- Opening Delimiter -
Definition muG (v : Q1) (i j : 'I_n) : C := if arrow v i j then mu v i j else 0.

Definition extremal_arrow (v : Q1) (s t : 'I_n) : bool :=
  arrow v s t &&
  [forall s' : 'I_n, forall t' : 'I_n,
     (arrow v s' t' && ((s', t') != (s, t))) ==> ((val s < val s')%nat || (val t' < val t)%nat)].

Definition rel2 (i j : 'I_n) : bool := (F i == F j) && (val i <= val j)%nat.

Definition rel3 (v : Q1) (t s : 'I_n) : bool :=
  [&& F s == src v, F t == tgt v &
      [exists s' : 'I_n, exists t' : 'I_n,
         [&& arrow v s' t', (val s' <= val s)%nat & (val t <= val t')%nat]]].

(* a monomial is an exponent vector on the variables *)
Definition mon := {ffun P -> nat}.
Definition mon0 : mon := [ffun _ => 0%nat].
Definition mvar (p : P) : mon := [ffun q => nat_of_bool (q == p)].
Definition mon2 (p q : P) : mon := [ffun r => (nat_of_bool (r == p) + nat_of_bool (r == q))%nat].

(* a polynomial is given as a formal sum (list) of terms coefficient*monomial;
   [coef E m] is the coefficient of the monomial m after collecting terms *)
Definition coef (E : seq (C * mon)) (m : mon) : C :=
  \sum_(x <- E | x.2 == m) x.1.

Definition links (E : seq (C * mon)) : seq mon :=
  [seq m <- undup (map snd E) | coef E m != 0].

Definition occurs (E : seq (C * mon)) (p : P) : bool :=
  has (fun m : mon => (0 < m p)%nat) (links E).

(* terms involving a variable w_{i,j} with (i,j) \notin Rel^2 are set to 0 *)
Definition admissible (x : C * mon) : bool :=
  [forall p : P, (0 < x.2 p)%nat ==> rel2 p.1 p.2].

Definition Ecomp (v : Q1) (t s : 'I_n) : seq (C * mon) :=
  filter admissible
   ([seq (muG v s' t', mon2 (t, t') (s', s)) | s' <- enum 'I_n, t' <- enum 'I_n]
    ++ [seq (- muG v s' t, mvar (s', s)) | s' <- enum 'I_n]).

Definition monval (ev : P -> option C) (m : mon) : C :=
  \prod_(p : P) (odflt 0 (ev p)) ^+ (m p).

Definition evalE (ev : P -> option C) (E : seq (C * mon)) : C :=
  \sum_(m <- links E) coef E m * monval ev m.

Definition indom (ev : P -> option C) (p : P) : bool := ev p != None.

Definition is_peval (ev : P -> option C) : Prop :=
  (forall p : P, indom ev p -> rel2 p.1 p.2) /\
  (forall (v : Q1) (t s : 'I_n), rel3 v t s ->
     forall k : P, occurs (Ecomp v t s) k ->
       (forall p : P, occurs (Ecomp v t s) p -> p != k -> indom ev p) ->
       indom ev k /\ evalE ev (Ecomp v t s) = 0).

Definition extends (ev f : P -> option C) : Prop :=
  forall (p : P) (x : C), f p = Some x -> ev p = Some x.

Definition fbeta (beta : {set 'I_n}) (p : P) : option C :=
  if rel2 p.1 p.2 then
    if (p.1 == p.2) && (p.1 \in beta) then Some 1
    else if (p.1 \in beta) || (p.2 \notin beta) then Some 0
    else None
  else None.

Definition restrict (ev : P -> option C) (m : mon) : mon :=
  [ffun p => if indom ev p then 0%nat else m p].

Definition monval_dom (ev : P -> option C) (m : mon) : C :=
  \prod_(p : P | indom ev p) (odflt 0 (ev p)) ^+ (m p).

Definition mubeta (ev : P -> option C) (E : seq (C * mon)) (m : mon) : C :=
  \sum_(m' <- links E | restrict ev m' == m) coef E m' * monval_dom ev m'.

(* the triple (v,t,s) is a vertex of Sigma_beta, where ev = ev_beta *)
Definition beta_relevant (ev : P -> option C) (v : Q1) (t s : 'I_n) : bool :=
  rel3 v t s &&
  has (fun m => mubeta ev (Ecomp v t s) m != 0)
      (map (restrict ev) (links (Ecomp v t s))).

Definition Ered (v : Q1) (t s : 'I_n) : seq (C * mon) :=
  [seq (muG v s t', mvar (t, t')) | t' <- enum 'I_n & (val t < val t')%nat]
  ++ [seq (muG v x.1 x.2, mon2 (t, x.2) (x.1, s))
       | x <- enum {: P} & ((val t < val x.2)%nat && (val x.1 < val s)%nat)]
  ++ [seq (- muG v s' t, mvar (s', s)) | s' <- enum 'I_n & (val s' < val s)%nat]
  ++ [:: (- muG v s t, mon0)].

Definition red_triple (v : Q1) (t s : 'I_n) : bool :=
  rel3 v t s && ~~ extremal_arrow v s t.

Definition red_pair (i j : 'I_n) : bool := rel2 i j && (val i < val j)%nat.

Definition red_edge (v : Q1) (t s i j : 'I_n) : bool :=
  [&& red_triple v t s, red_pair i j & occurs (Ered v t s) (i, j)].

Definition simply_linked (v : Q1) (t s i j : 'I_n) : bool :=
  [&& red_edge v t s i j,
      mvar (i, j) \in links (Ered v t s) &
      all (fun m : mon => (m == mvar (i, j)) || (m (i, j) == 0%nat))
          (links (Ered v t s))].

Definition extremal_edge (v : Q1) (t s i j : 'I_n) : bool :=
  simply_linked v t s i j &&
  (((j == s) && extremal_arrow v i t) || ((i == t) && extremal_arrow v s j)).

End Schubert.

From Pilot Require Import Defs.
From mathcomp Require Import all_boot all_order all_algebra.
From mathcomp Require Import complex Rstruct.
From Stdlib Require Import Reals.
Set Implicit Arguments. Unset Strict Implicit. Unset Printing Implicit Defensive.
Import Order.TTheory GRing.Theory Num.Theory.
Local Open Scope ring_scope.

(* An extremal arrow (v,a,b) of Gamma is determined by either of its endpoints,
   which bounds the number of extremal edges at a triple by two.  Extremality
   also kills every term of E(v,b,a) except mu_{v,a,b} (w_{b,b} w_{a,a} - w_{a,a}),
   so a partial evaluation extending f_beta with a in beta forces b in beta.
   A triple (v,t,s) is beta-relevant only if t is not in beta (otherwise
   w_{t,t} = 1 makes the terms of E(v,t,s) cancel in pairs) and s is in beta
   (otherwise every monomial contains some w_{s',s} evaluated to 0); for an
   extremal edge this is propagated along the extremal arrow. *)

Section FormalSums.
Variables (n : nat) (C : fieldType).
Local Notation P := ('I_n * 'I_n)%type.
Local Notation mon := (mon n).
Implicit Types (E : seq (C * mon)) (ev : P -> option C).

Lemma sum_links_coef E (g : mon -> C) :
  \sum_(m <- links E) coef E m * g m = \sum_(x <- E) x.1 * g x.2.
Proof.
rewrite /links big_filter big_mkcond.
transitivity (\sum_(m <- undup (map snd E)) \sum_(x <- E | x.2 == m) x.1 * g x.2).
  apply: eq_bigr => m _; rewrite /coef mulr_suml.
  under [in RHS]eq_bigr => x /eqP-> do [].
  by case: ifPn => // /negPn/eqP; rewrite -mulr_suml => ->; rewrite mul0r.
rewrite (exchange_big_dep predT) //= big_seq [RHS]big_seq; apply: eq_bigr => x xE.
rewrite (eq_bigl (pred1 x.2)) => [|m]; last exact: eq_sym.
by rewrite -big_filter filter_pred1_uniq ?undup_uniq ?mem_undup ?map_f ?big_seq1.
Qed.

Lemma evalE_sum ev E : evalE ev E = \sum_(x <- E) x.1 * monval ev x.2.
Proof. exact: sum_links_coef. Qed.

Lemma mubeta_sum ev E m :
  mubeta ev E m =
  \sum_(x <- E) x.1 * (if Defs.restrict ev x.2 == m then monval_dom ev x.2 else 0).
Proof.
rewrite /mubeta big_mkcond -(sum_links_coef _
  (fun m' => if Defs.restrict ev m' == m then monval_dom ev m' else 0)).
by apply: eq_bigr => m' _; case: ifP; rewrite ?mulr0.
Qed.

Lemma occurs_term E p :
  occurs E p -> exists2 x, x \in E & (x.1 != 0) && (0 < x.2 p)%nat.
Proof.
case/hasP => m; rewrite mem_filter => /andP[coef_m _] m_p.
have [/hasP[x xE /andP[x1 /eqP x2]]|] :=
  boolP (has (fun x : C * mon => (x.1 != 0) && (x.2 == m)) E).
  by exists x; rewrite // x1 x2.
move/hasPn=> Ezero; move: coef_m; rewrite /coef big_seq_cond big1 ?eqxx //.
by move=> x /andP[xE x2]; move: (Ezero x xE); rewrite x2 andbT negbK => /eqP.
Qed.

Lemma prod_expr_indicator (x : P -> C) (A : pred P) p :
  A p -> \prod_(r | A r) x r ^+ (r == p) = x p.
Proof.
move=> Ap; rewrite (bigD1 p) //= eqxx expr1 big1 ?mulr1 // => r /andP[_ /negbTE->].
exact: expr0.
Qed.

Lemma monval_mvar ev p : monval ev (mvar p) = odflt 0 (ev p).
Proof.
rewrite -(@prod_expr_indicator (fun r => odflt 0 (ev r)) predT) //.
by apply: eq_bigr => r _; rewrite ffunE.
Qed.

Lemma monval_mon2 ev p q :
  monval ev (mon2 p q) = odflt 0 (ev p) * odflt 0 (ev q).
Proof.
rewrite -(@prod_expr_indicator (fun r => odflt 0 (ev r)) predT p) //.
rewrite -(@prod_expr_indicator (fun r => odflt 0 (ev r)) predT q) // -big_split.
by apply: eq_bigr => r _; rewrite ffunE exprD.
Qed.

Lemma monval_dom_mon2 ev p q : indom ev p ->
  monval_dom ev (mon2 p q) = odflt 0 (ev p) * monval_dom ev (mvar q).
Proof.
move=> dom_p.
rewrite -(@prod_expr_indicator (fun r => odflt 0 (ev r)) (indom ev) p) //.
by rewrite -big_split /=; apply: eq_bigr => r _; rewrite !ffunE exprD.
Qed.

Lemma monval_dom_eq0 ev (m : mon) p :
  (0 < m p)%nat -> ev p = Some 0 -> monval_dom ev m = 0.
Proof.
move=> m_p ev_p; rewrite /monval_dom (bigD1 p) /=; last by rewrite /indom ev_p.
by rewrite ev_p /= expr0n; case: (m p) m_p => // k _; rewrite mul0r.
Qed.

Lemma restrict_mon2 ev p q :
  indom ev p -> Defs.restrict ev (mon2 p q) = Defs.restrict ev (mvar q).
Proof.
move=> dom_p; apply/ffunP => r; rewrite !ffunE.
by case: ifP => // dom_r; case: eqP => // r_p; rewrite r_p dom_p in dom_r.
Qed.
- Closing Delimiter -
▸ What you have to do: From the material above, copy exactly the lines between the line holding "rewrite (eq_bigl (pred1" and the line holding "mubeta ev E", inclusive, and only those.

▸ Written response:
rewrite (eq_bigl (pred1 x.2)) => [|m]; last exact: eq_sym.
by rewrite -big_filter filter_pred1_uniq ?undup_uniq ?mem_undup ?map_f ?big_seq1.
Qed.

Lemma evalE_sum ev E : evalE ev E = \sum_(x <- E) x.1 * monval ev x.2.
Proof. exact: sum_links_coef. Qed.

Lemma mubeta_sum ev E m :
  mubeta ev E m =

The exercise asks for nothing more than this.